The writing portfolio (1840s) on which Robert Browning wrote his letters to Elizabeth Barrett
DEATH OR LOVE
ELIZABETH BARRETT was admired not only by the literati, including Robert Browning, whom she would marry; she was also idolized by fans. English fans sent her rosebushes; an American admirer wrote a letter to her addressed “Elizabeth Barrett, Poetess, London,” and the letter was delivered. Right before she left England she was well enough to visit her old friend the blind Greek scholar Hugh Stewart Boyd. He informed her that several well-born young ladies had asked to be present, dressed as servants, just for the chance to see her as they ushered her in. Some of them swore that, if she would allow, they’d go into service for her.
Yet today, to the world at large, only one line of poetry points its hoary finger back in time to her: “How do I love thee? Let me count the ways”—the opening line of the penultimate sonnet from Sonnets from the Portuguese. This slim volume of forty-four love sonnets has had a life of its own. Printed and reprinted—in small format, large format, special editions brought out near the cash registers of bookshops before Valentine’s Day. These sonnets have been rendered impotent through popularity, demonstrating that when we take something for granted, we can easily cease knowing it at all. The Sonnets from the Portuguese are not an upscale Hallmark card. They are the deepest and at times the darkest thoughts of a woman of genius, in grave health, who finds in middle life not the death she waits for but the love she never expected.

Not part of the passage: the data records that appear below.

(* Let $\{X_t\}_{t\in\mathbb N^+}$ be a real-valued process adapted to a filtration $\{\mathcal F_t\}_{t\in\mathbb N}$ with $\mathcal F_0$ trivial, such that for all $t\in\mathbb N^+$, $\mathbb E[X_t\mid\mathcal F_{t-1}]=\mu$ (a constant) and $\mathbb E[(X_t-\mu)^2\mid\mathcal F_{t-1}]\le\sigma^2$. Let $\{\lambda_t\}_{t\in\mathbb N^+}$ be any predictable process and let $\phi$ be a Catoni-type influence function. Then the processes $$M^{\mathsf C}_t=\prod_{i=1}^t\exp\left(\phi(\lambda_i(X_i-\mu))-\lambda_i^2\sigma^2/2\right),\qquad N^{\mathsf C}_t=\prod_{i=1}^t\exp\left(-\phi(\lambda_i(X_i-\mu))-\lambda_i^2\sigma^2/2\right)$$ (with $M^{\mathsf C}_0=N^{\mathsf C}_0=1$) are nonnegative supermartingales with respect to $\{\mathcal F_t\}$.
   Context: A process $\{\lambda_t\}$ is predictable if each $\lambda_t$ is $\mathcal F_{t-1}$-measurable. A function $\phi:\mathbb R\to\mathbb R$ is a Catoni-type influence function if it is increasing and $-\log(1-x+x^2/2)\le\phi(x)\le\log(1+x+x^2/2)$ for all $x\in\mathbb R$. *)

From HB Require Import structures.
From mathcomp Require Import all_boot all_order all_algebra.
From mathcomp Require Import all_classical all_reals all_analysis.
Set Implicit Arguments. Unset Strict Implicit. Unset Printing Implicit Defensive.
Import Order.TTheory GRing.Theory Num.Theory.
Local Open Scope classical_set_scope.
Local Open Scope ring_scope.

Definition sub_sigma d (T : measurableType d) (G : set (set T)) :=
  sigma_algebra setT G /\ G `<=` measurable.

Definition G_measurable d (T : measurableType d) (R : realType)
  (G : set (set T)) (f : T -> R) :=
  forall B : set R, measurable B -> G (f @^-1` B).

Definition filtration d (T : measurableType d) (F : nat -> set (set T)) :=
  (forall n, sub_sigma (F n)) /\ (forall n, F n `<=` F n.+1).

Definition adapted d (T : measurableType d) (R : realType)
  (F : nat -> set (set T)) (X : nat -> T -> R) :=
  forall n, G_measurable (F n) (X n).

Definition cond_exp_version d (T : measurableType d) (R : realType)
  (P : probability T R) (G : set (set T)) (X Y : T -> R) :=
  [/\ P.-integrable setT (EFin \o X),
      G_measurable G Y,
      P.-integrable setT (EFin \o Y) &
      forall A, G A -> (\int[P]_(x in A) (X x)%:E = \int[P]_(x in A) (Y x)%:E)%E].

The earliest manuscript of the sequence is at the Pierpont Morgan Library in New York. Each poem is on a single sheet of stationery, written in brown ink in the poet’s slender hand. Sonnet I had a title in its manuscript draft, “Death or Love.” Surprised, I pointed it out to an acquaintance reading next to me at the Morgan. “Look at this.”
“Oh, yes,” was the response. “Duet of Love.”
An understandable assumption at first glance. For the starkness of the title and the morbidity it reveals clash with the idealized version of an “old-fashioned” Victorian love affair. Yet “Death or Love” succinctly labeled not only the first sonnet of the sequence but the real choice confronting Elizabeth Barrett in London in 1845–46.
When Robert Browning was finally admitted to the sick room of Miss Barrett in 1845, he did not find his picture. Feeling that inappropriate, she had taken it off the wall of her bed-sitting room. She lived her life in that room, protected from the London weather both by fireplace and by complete enclosure. She loved flowers and greenery, but had trouble keeping plants alive in her dark room. The ivy that her cousin John Kenyon had given her a few years back made an attempt to flourish, growing over her window, making patterns in front of the chimney tops beyond it, and giving the cloistered interior a greenish glow. Browning found an invalid whose body could have been the fine lines of her handwriting, whose black hair and soulful brown eyes shone out.
Elizabeth Barrett was always conscious of being dark-complexioned, so one imagines that even in illness she wasn’t as pale as she was thin. Shielded from the public’s eye, writing inspired poetry, always on the verge of death, her image was mysterious, romantic, otherworldly, aloof. Her public had to see her in their imagination; she didn’t publish her picture in her books. She treated another correspondent, the painter Benjamin Robert Haydon, to a verbal picture: “I am ‘little & black’ like Sappho, en attendant the immortality—five feet one high … eyes of various colours as the sun shines … & set down by myself (according to my ‘private view’ in the glass) as dark-green-brown—grounded with brown, & green otherwise; what is called ‘invisible green’ in invisible garden-fences. I should be particular to you who are a colourist. Not much nose of any kind; certes no superfluity of nose; but to make up for it, a mouth suitable to a larger personality—oh, and a very very little voice.” She compared it to Cordelia’s voice, which her father, King Lear, described as “Gentle, and low; an excellent thing in a woman.” Then short, quick brush strokes to complete her self-portrait: “Dark hair and complexion. Small face & sundries.”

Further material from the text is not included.